My story begins at around 3 years old.  I have always been overweight.  When I was little, I was "raised" by my mom and she was a not so good influence on eating habits.  She wasn't around much because she worked a long hard job of road construction to support us and instead of playing with me when she was home, she'd toss me a cookie to cope with.  Cookie by cookie I became overweight.  I started dieting in 2nd grade.  Richard Simmons Deal A Meal.  I remember crying one night that I was out of cards and I hadn't had any dinner.  From there the fad diets all rolled in (work out tapes, Atkins, Weight Watchers, Slim Slide, Oxycize, etc...).  I even purchased phen phen on my own through a magazine ad and money from my savings account at about 13 years old.   Phen  Phen worked!
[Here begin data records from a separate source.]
Lemma gen_split a m z : gen a = (m + z)%MM ->
  [\/ exists C, z = mnm_of (xexp C), exists B, m = mnm_of (xexp B)
     | exists l k, m = mnm_of (wexp l k)].
Proof.
move=> e; have {e}E v : gexp a v = m (var v) + z (var v).
  by have := congr1 (fun m : 'X_{1..r} => m (var v)) e; rewrite mnmDE mnm_ofE.
case: a E => [A|l] E.
  have [zu0|zu_gt0] := posnP (z (var (inl (inr A)))).
    apply: Or31; exists [set i | 0 < z (var (inl (inl i)))].
    apply: eq_mnm_var => v; rewrite mnm_ofE.
    by apply: (@le_gexp_inl_xexp A (fun v => z (var v))) => // v'; rewrite E leq_addl.
  apply: Or32; exists [set i | 0 < m (var (inl (inl i)))].
  apply: eq_mnm_var => v; rewrite mnm_ofE.
  apply: (@le_gexp_inl_xexp A (fun v => m (var v))) => [v'|]; first by rewrite E leq_addr.
  by have := E (inl (inr A)); rewrite /= eqxx; lia.
apply: Or33; exists l, (m (var (inr l))); apply: eq_mnm_var => v; rewrite mnm_ofE.
have := E v; case: v => [[i|B]|l'] /=; try lia.
by case: (eqVneq l' l) => [->|ne_l]; rewrite ?eqxx ?mul1n ?(negbTE ne_l) ?mul0n //; lia.
Qed.

Section LowerBound.
Variable k : nat.
Hypotheses (k_gt0 : 0 < k) (lt_kd : k < d).

Lemma subset_ext_val (C : ksubset (d - k)) : val C \subset val (ext (val C)).
Proof. by apply: subset_ext; rewrite (eqP (valP C)); lia. Qed.

(* [fac x] is the contraction of [gen (gen_of x)] by [cofac x]: [x^C] contracts
   [u_A x^A], [A = ext C], to [u_A x^(A :\: C)]. *)
Definition fac (x : ksubset (d - k) + 'I_t) : 'X_{1..r} := match x with
  | inl C => mnm_of (fun v => uexp (ext (val C)) v + xexp (val (ext (val C)) :\: val C) v)
  | inr l => mnm_of (wexp l k) end.
Definition cofac (x : ksubset (d - k) + 'I_t) : 'X_{1..r} := match x with
  | inl C => mnm_of (xexp (val C)) | inr l => mnm_of (wexp l (d - k)) end.
Definition gen_of (x : ksubset (d - k) + 'I_t) : Gen := match x with
  | inl C => inl (ext (val C)) | inr l => inr l end.

Lemma mdeg_fac x : mdeg (fac x) = k.
Proof.
case: x => [C|l]; rewrite mdeg_mnm_of ?sum_wexp // big_split /= sum_uexp sum_xexp.
rewrite cardsD (setIidPr (subset_ext_val C)) (eqP (valP C)) (eqP (valP (ext _))); lia.
Qed.

Lemma gen_ofE x : gen (gen_of x) = (fac x + cofac x)%MM.
Proof.
apply: eq_mnm_var => v; rewrite mnmDE.
case: x => [C|l]; rewrite /= !mnm_ofE.
  2: by case: v => [[i|A]|l'] //=; rewrite -mulnDr subnKC // ltnW.
case: v => [[i|A]|l] //=; last by rewrite !addn0.
rewrite !add0n inE; case: (boolP (i \in val C)) => [iC|_]; last by rewrite addn0.
by rewrite (subsetP (subset_ext_val C) i iC).
Qed.

Lemma fac_cofac_uniq x y a : gen a = (fac x + cofac y)%MM -> x = y.
Proof.
move=> e; have {e}E v : gexp a v = fac x (var v) + cofac y (var v).
  by have := congr1 (fun m : 'X_{1..r} => m (var v)) e; rewrite mnmDE mnm_ofE.
case: x E => [C|l] E.
  have {}E v : gexp (inl (ext (val C))) v = fac (inl C) (var v) + cofac y (var v).
    by rewrite -E (@gexp_gt0_u a (ext (val C))) // E /= !mnm_ofE /= eqxx.
  case: y E => [C'|l] E; last by have := E (inr l); rewrite /= !mnm_ofE /= eqxx mul1n; lia.
  congr inl; apply: val_inj; apply/setP => i; have := E (inl (inl i)).
  rewrite /= !mnm_ofE /= inE !add0n; case: (boolP (i \in val C)) => iC.
    by rewrite (subsetP (subset_ext_val C) i iC) /=; case: (i \in val C').
  by case: (i \in val C'); case: (i \in _) => //=; lia.
have {}E v : gexp (inr l) v = fac (inr l) (var v) + cofac y (var v).
  by rewrite -E (@gexp_gt0_w a l) // E /= !mnm_ofE /= eqxx mul1n; lia.
case: y E => [C'|l'] E.
  have /set0Pn [i iC'] : val C' != set0 by rewrite -card_gt0 (eqP (valP C')); lia.
  by have := E (inl (inl i)); rewrite /= !mnm_ofE /= iC'.
have := E (inr l'); rewrite /= !mnm_ofE /= eqxx mul1n.
by case: (eqVneq l' l) => [->|] //=; lia.
Qed.

Lemma annF_gen_indep_forms : indep_forms I k ('C(s, d - k) + t).
Proof.
have <- : #|{: ksubset (d - k) + 'I_t}| = 'C(s, d - k) + t.
  by rewrite card_sum card_ksubset card_ord.
exact (indep_forms_annF_pairs K gen_inj mdeg_fac gen_ofE fac_cofac_uniq).
Qed.

End LowerBound.

Section UpperBound.
Variable j : nat.
Local Open Scope ring_scope.

Definition probe (w : ksubset j + ksubset (d - j)%N + 'I_t) (p : {mpoly K[r]}) : K :=
  match w with
  | inl (inl B) => p@_(mnm_of (xexp (val B)))
  | inl (inr C) => pairF gen (p * 'X_[mnm_of (xexp (val C))])
  | inr l => p@_(mnm_of (wexp l j))
  end.

Lemma probe_scalar w : scalar (probe w).
Proof. by case: w => [[B|C]|l] a p q /=; rewrite ?linearP // mulrDl -scalerAl linearP. Qed.

(* Against a [z] that is not a squarefree [x]-monomial, by [gen_split] only the
   coefficients of [p] at the [x^B] and the [w_l^j] pair nontrivially with [F]. *)
Lemma probe_kernel p : p \is j.-homog -> (forall w, probe w p = 0) -> p \in I.
Proof.
move=> p_homog probe0; apply: annF_monomials => z.
have [[C ->]|z_nsqf] := pselect (exists C, z = mnm_of (xexp C)).
  have [/eqP card_C|ne_C] := eqVneq #|C| (d - j)%N.
    exact: (probe0 (inl (inr (exist _ C card_C)))).
  apply: (pairF_homog_mulX mdeg_gen p_homog).
  by rewrite mdeg_mnm_of sum_xexp; apply: contra_neq ne_C; lia.
rewrite pairF_mulX big1 // => m _.
have [deg_m|/(dhomog_nemf_coeff p_homog) ->] := eqVneq (mdeg m) j; last by rewrite mul0r.
have [[a gen_a]|no_gen] := pselect (exists a, gen a = (m + z)%MM); last first.
  by rewrite pairFX_nmon ?mulr0 // => a; apply/eqP => gen_a; apply: no_gen; exists a.
suff -> : p@_m = 0 by rewrite mul0r.
case: (gen_split gen_a) => [/z_nsqf [] | [B eq_m] | [l [k eq_m]]].
  have card_B : #|B| == j by rewrite -deg_m eq_m mdeg_mnm_of sum_xexp.
  by have := probe0 (inl (inl (exist _ B card_B))); rewrite /= eq_m.
have eq_k : k = j by rewrite -deg_m eq_m mdeg_mnm_of sum_wexp.
by have := probe0 (inr l); rewrite /= eq_m eq_k.
Qed.

Lemma annF_gen_indep_forms_leq n :
  indep_forms I j n -> (n <= 'C(s, j) + 'C(s, d - j) + t)%N.
Proof.
move/(indep_forms_card_leq probe_scalar probe_kernel).
by rewrite !card_sum !card_ksubset card_ord.
Qed.

End UpperBound.

Lemma annF_gen_std_graded_AG : std_graded_AG I d.
Proof. exact: annF_std_graded_AG mdeg_gen gen_inj (inl A0). Qed.

Lemma annF_gen_hilb1 : hilb_fun_at I 1 r.
Proof.
apply: (annF_hilb1 K gen_inj (cover := cover \o unvar) _ gen_exchange) => i.
by rewrite -{1}(unvarK i) U_le_gen_cover.
Qed.

End Construction.

Local Open Scope ring_scope.

Theorem corollary2p4 (K : fieldType) (charK0 : [pchar K] =i pred0)
  (d : nat) (hd : (4 <= d)%N) :
  exists r0 : nat, (0 < r0)%N /\
    forall r : nat, (r0 <= r)%N ->
      exists I : {pred {mpoly K[r]}},
        [/\ std_graded_AG I d,
            hilb_fun_at I 1 r &
            exists h : nat -> nat,
              (forall k, hilb_fun_at I k (h k)) /\
              (forall k, (1 <= k)%N -> (k < d./2)%N -> (h k.+1 < h k)%N)].
Proof.
pose s := (4 * d)%N; exists (s + 'C(s, d.-1)).+1; split=> // r le_r0r.
pose t := (r - (s + 'C(s, d.-1)))%N.
have card_Var : #|{: Var d s t}| = r by rewrite !card_sum !card_ord card_ksubset /t; lia.
have d_gt1 : (1 < d)%N by lia.
have [|A0 _ /eqP card_A0] := @exists_card_superset _ (set0 : {set 'I_s}) d.-1.
  by rewrite cards0 card_ord; lia.
pose A0' : ksubset s d.-1 := exist _ A0 card_A0.
exists (annF (gen card_Var)); split.
- exact: annF_gen_std_graded_AG d_gt1 card_Var A0'.
- exact: annF_gen_hilb1 d_gt1 card_Var A0'.
have [h hh] := choice (annF_hilb_exists K (mdeg_gen d_gt1 card_Var)).
exists h; split=> // k k_gt0 lt_k_half.
have le_kd : (2 * k.+1 <= d)%N by rewrite mul2n -geq_half_double.
have lt_kd : (k < d)%N by lia.
have := annF_gen_indep_forms_leq d_gt1 (proj1 (hh k.+1)).
have := hilb_fun_at_geq (hh k) (annF_gen_indep_forms K d_gt1 card_Var A0' k_gt0 lt_kd).
have := @ltn_binD_bin s d k (leqnn _) le_kd.
lia.
Qed.
(* The connected subgraph arrangements of the following two graphs are not factored: (1) the almost path graph $A_{3,2}$ (the star with central vertex $2$ and leaves $1,3,4$); (2) the cycle graph $C_4$.
   Context: For a finite simple graph $G=(N,E)$ with $N=\{1,\dots,n\}$ and $I\subseteq N$, $G[I]$ denotes the induced subgraph on $I$, and $H_I=\ker\big(\sum_{i\in I}x_i\big)$, where $x_1,\dots,x_n$ are the coordinate functions. The connected subgraph arrangement of $G$ is $\mathcal{A}_G=\{H_I:\emptyset\neq I\subseteq N,\ G[I]\text{ connected}\}$ over $\mathbb{Q}$. $A_{3,2}$ has vertices $1,2,3,4$ and edges $\{1,2\},\{2,3\},\{2,4\}$; $C_4$ has vertices $1,2,3,4$ and edges $\{1,2\},\{2,3\},\{3,4\},\{1,4\}$. A partition $\pi=(\pi_1,\dots,\pi_s)$ of an arrangement $\mathcal{A}$ is nice if (i) for every choice $H_i\in\pi_i$ the $s$ defining forms are linearly independent, and (ii) for every $X\in L(\mathcal{A})\setminus\{V\}$ the induced partition of $\mathcal{A}_X=\{H\in\mathcal{A}:X\subseteq H\}$ into the nonempty sets $\pi_i\cap\mathcal{A}_X$ has a singleton block. $\mathcal{A}$ is factored if it admits a nice partition. *)

From HB Require Import structures.
From mathcomp Require Import all_boot all_order all_algebra.
Set Implicit Arguments. Unset Strict Implicit. Unset Printing Implicit Defensive.
Import Order.TTheory GRing.Theory Num.Theory.
Local Open Scope ring_scope.

(* A finite simple graph on vertex set 'I_n (vertex k+1 of the paper is the
   ordinal k) is given by a symmetric irreflexive relation e. *)
Definition simple_graph (n : nat) (e : rel 'I_n) : Prop :=
  irreflexive e /\ symmetric e.
(** * The terms of the 6F5 series *)

Lemma poch_shift t n : Cmul (poch t n) (Cadd t (RtoC (INR n))) = Cmul t (poch (Cadd (RtoC 1) t) n).
Proof.
  induction n as [|n IHn]; [apply Ceq; simpl; ring|].
  cbn [poch]. rewrite S_INR, RtoC_add.
  transitivity (Cmul (Cmul (poch t n) (Cadd t (RtoC (INR n)))) (Cadd (Cadd t (RtoC (INR n))) (RtoC 1)));
    [ring | rewrite IHn; ring].
Qed.

Lemma poch_neq0 t n :
  (forall k, (k < n)%nat -> Cadd t (RtoC (INR k)) <> RtoC 0) -> poch t n <> RtoC 0.
Proof.
  induction n; intros H; simpl.
  - apply RtoC_neq. lra.
  - apply Cmul_neq0; [apply IHn; intros; apply H|apply H]; lia.
Qed.

Lemma not_nonpos_poch_neq0 t n : not_nonpos_int t -> poch t n <> RtoC 0.
Proof.
  intros H. apply poch_neq0. intros k _ E. apply (H k). rewrite RtoC_opp.
  replace t with (Csub (Cadd t (RtoC (INR k))) (RtoC (INR k))) by ring. rewrite E. ring.
Qed.

(* (t)_n / (1+t)_n = t / (t+n): the source of the partial fractions. *)
Lemma poch_ratio t n : Cadd t (RtoC (INR n)) <> RtoC 0 ->
  poch t n = Cmul (Cdiv t (Cadd t (RtoC (INR n)))) (poch (Cadd (RtoC 1) t) n).
Proof.
  intros H.
  transitivity (Cdiv (Cmul (poch t n) (Cadd t (RtoC (INR n)))) (Cadd t (RtoC (INR n)))).
  - field. exact H.
  - rewrite poch_shift. field. exact H.
Qed.

Lemma poch_one n : poch (RtoC 1) n = RtoC (INR (fact n)).
Proof.
  induction n as [|n IHn]; [reflexivity|].
  cbn [poch]. rewrite IHn, fact_simpl, mult_INR, S_INR, RtoC_mul, RtoC_add. ring.
Qed.

Lemma poch_three_half n :
  poch (RtoC (3 / 2)) n = Cmul (RtoC (oddR n)) (poch (RtoC (1 / 2)) n).
Proof.
  pose proof (poch_shift (RtoC (1 / 2)) n) as H.
  replace (Cadd (RtoC 1) (RtoC (1 / 2))) with (RtoC (3 / 2)) in H
    by (rewrite <- RtoC_add; f_equal; lra).
  rewrite RtoC_oddR. rewrite RtoC_half in *. pose proof C2_neq0.
  transitivity (Cmul C2 (Cmul (Cdiv (RtoC 1) C2) (poch (RtoC (3 / 2)) n))); [field; auto|].
  rewrite <- H. field. auto.
Qed.

Lemma wp_term (t1 t2 t3 t4 : Cplx) n :
  not_nonpos_int (Cadd (RtoC 1) t1) -> not_nonpos_int (Cadd (RtoC 1) t2) ->
  not_nonpos_int (Cadd (RtoC 1) t3) -> not_nonpos_int (Cadd (RtoC 1) t4) ->
  Cadd t1 (RtoC (INR n)) <> RtoC 0 -> Cadd t2 (RtoC (INR n)) <> RtoC 0 ->
  Cadd t3 (RtoC (INR n)) <> RtoC 0 -> Cadd t4 (RtoC (INR n)) <> RtoC 0 ->
  hyp_term (RtoC 1 :: RtoC (3 / 2) :: t1 :: t2 :: t3 :: t4 :: nil)
    (RtoC (1 / 2) :: Cadd (RtoC 1) t1 :: Cadd (RtoC 1) t2 :: Cadd (RtoC 1) t3
       :: Cadd (RtoC 1) t4 :: nil)
    (RtoC (-1)) n =
  Cmul (RtoC ((-1) ^ n * oddR n))
    (Cmul (Cmul (Cdiv t1 (Cadd t1 (RtoC (INR n)))) (Cdiv t2 (Cadd t2 (RtoC (INR n)))))
          (Cmul (Cdiv t3 (Cadd t3 (RtoC (INR n)))) (Cdiv t4 (Cadd t4 (RtoC (INR n)))))).
Proof.
  intros H1 H2 H3 H4 E1 E2 E3 E4.
  assert (Hhalf : poch (RtoC (1 / 2)) n <> RtoC 0).
  { apply poch_neq0. intros k _. rewrite <- RtoC_add. apply RtoC_neq.
    pose proof (pos_INR k). lra. }
  assert (Hfact : RtoC (INR (fact n)) <> RtoC 0) by (apply RtoC_neq, INR_fact_neq_0).
  pose proof (not_nonpos_poch_neq0 _ n H1). pose proof (not_nonpos_poch_neq0 _ n H2).
  pose proof (not_nonpos_poch_neq0 _ n H3). pose proof (not_nonpos_poch_neq0 _ n H4).
  unfold hyp_term. cbn [map Cprod fold_right].
  rewrite poch_one, poch_three_half, RtoC_pow, RtoC_mul.
  rewrite (poch_ratio t1), (poch_ratio t2), (poch_ratio t3), (poch_ratio t4) by assumption.
  field. repeat split; assumption.
Qed.

Lemma half_sub_shift X n :
  Cadd (Cdiv (Csub (RtoC 1) X) C2) (RtoC (INR n)) = Cdiv (Csub (RtoC (oddR n)) X) C2.
Proof. pose proof C2_neq0. rewrite RtoC_oddR. field. auto. Qed.
Lemma half_add_shift X n :
  Cadd (Cdiv (Cadd (RtoC 1) X) C2) (RtoC (INR n)) = Cdiv (Cadd (RtoC (oddR n)) X) C2.
Proof. pose proof C2_neq0. rewrite RtoC_oddR. field. auto. Qed.

Lemma wp_pair_ratio X n :
  Csub (RtoC (oddR n)) X <> RtoC 0 -> Cadd (RtoC (oddR n)) X <> RtoC 0 ->
  Cmul (Cdiv (Cdiv (Csub (RtoC 1) X) C2) (Cadd (Cdiv (Csub (RtoC 1) X) C2) (RtoC (INR n))))
       (Cdiv (Cdiv (Cadd (RtoC 1) X) C2) (Cadd (Cdiv (Cadd (RtoC 1) X) C2) (RtoC (INR n)))) =
  Cdiv (Csub (RtoC 1) (Cmul X X))
       (Csub (Cmul (RtoC (oddR n)) (RtoC (oddR n))) (Cmul X X)).
Proof.
  intros Hm Hp. pose proof C2_neq0. rewrite half_sub_shift, half_add_shift.
  replace (Csub (Cmul (RtoC (oddR n)) (RtoC (oddR n))) (Cmul X X))
    with (Cmul (Csub (RtoC (oddR n)) X) (Cadd (RtoC (oddR n)) X)) by ring.
  field. auto.
Qed.

Definition wp_const (X Y : Cplx) : Cplx :=
  Cdiv (Cmul (Csub (RtoC 1) (Cmul X X)) (Csub (RtoC 1) (Cmul Y Y))) (Csub (Cmul X X) (Cmul Y Y)).

Lemma wp_partial_fraction X Y n :
  not_odd_int X -> not_odd_int Y -> Csub (Cmul X X) (Cmul Y Y) <> RtoC 0 ->
  Cmul (RtoC ((-1) ^ n * oddR n))
    (Cmul (Cdiv (Csub (RtoC 1) (Cmul X X)) (Csub (Cmul (RtoC (oddR n)) (RtoC (oddR n))) (Cmul X X)))
          (Cdiv (Csub (RtoC 1) (Cmul Y Y)) (Csub (Cmul (RtoC (oddR n)) (RtoC (oddR n))) (Cmul Y Y)))) =
  Cmul (wp_const X Y) (Csub (sec_term X n) (sec_term Y n)).
Proof.
  intros HX HY HXY. pose proof (not_odd_den X n HX). pose proof (not_odd_den Y n HY).
  unfold wp_const, sec_term. field. repeat split; assumption.
Qed.

Lemma wp_term_split X Y n :
  not_odd_int X -> not_odd_int Y -> Csub (Cmul X X) (Cmul Y Y) <> RtoC 0 ->
  let t1 := Cdiv (Csub (RtoC 1) X) C2 in let t2 := Cdiv (Csub (RtoC 1) Y) C2 in
  let t3 := Cdiv (Cadd (RtoC 1) X) C2 in let t4 := Cdiv (Cadd (RtoC 1) Y) C2 in
  not_nonpos_int (Cadd (RtoC 1) t1) -> not_nonpos_int (Cadd (RtoC 1) t2) ->
  not_nonpos_int (Cadd (RtoC 1) t3) -> not_nonpos_int (Cadd (RtoC 1) t4) ->
  hyp_term (RtoC 1 :: RtoC (3 / 2) :: t1 :: t2 :: t3 :: t4 :: nil)
    (RtoC (1 / 2) :: Cadd (RtoC 1) t1 :: Cadd (RtoC 1) t2 :: Cadd (RtoC 1) t3
       :: Cadd (RtoC 1) t4 :: nil)
    (RtoC (-1)) n =
  Cmul (wp_const X Y) (Csub (sec_term X n) (sec_term Y n)).
Proof.
  intros HX HY HXY t1 t2 t3 t4 H1 H2 H3 H4. pose proof C2_neq0.
  pose proof (not_odd_sub X n HX). pose proof (not_odd_add X n HX).
  pose proof (not_odd_sub Y n HY). pose proof (not_odd_add Y n HY).
  rewrite wp_term by (auto; unfold t1, t2, t3, t4;
    rewrite ?half_sub_shift, ?half_add_shift; apply Cdiv_neq0; auto).
  rewrite <- wp_partial_fraction by auto. unfold t1, t2, t3, t4.
  rewrite <- (wp_pair_ratio X n), <- (wp_pair_ratio Y n) by auto. f_equal. ring.
Qed.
But when my mom found it  I only had one pill left and she totally was against it of course and finally figured out how I lost 40 lbs that year!  At 19 I had my first child.  I gained 100 pounds!  I had pre-eclampsia and lost 60 lbs within the first month, but I kept 40 lbs and the stretch marks.  At 27 years old I had a baby girl and 40 more pounds of baby fat to keep.  That's 80 pounds of "baby fat" I was holding onto, plus being overweight to begin with. 

I was born with hip dysplasia. With all this weight pressing on my bones it has been increasingly difficult to walk without him pain and waddling like a duck.  I can no longer fit in a movie theater seat, so I can't take my kids to the movies.  I can no longer fit in an airplane seat, so no more flights to Florida for vacation.  I can no longer shop at the mall (something that was always very therapeudic for me).  I now avoid all my old friends out of embarassment of how I look and I'm afraid of them seeing me this way.  These are just a few of the reasons why I'm ready for this!  The biggest reasons of all are my 10 year old son and my 2 year old daughter.  I no longer have any energy to do anything with them.  I just want to play outside and have the energy to!  I want to be able to move and not just sit and watch.  I have limited them because of my weakness and weight.  This is going to be the best thing I can possibly do for them and myself.  Wish me luck and bless me with your prayers!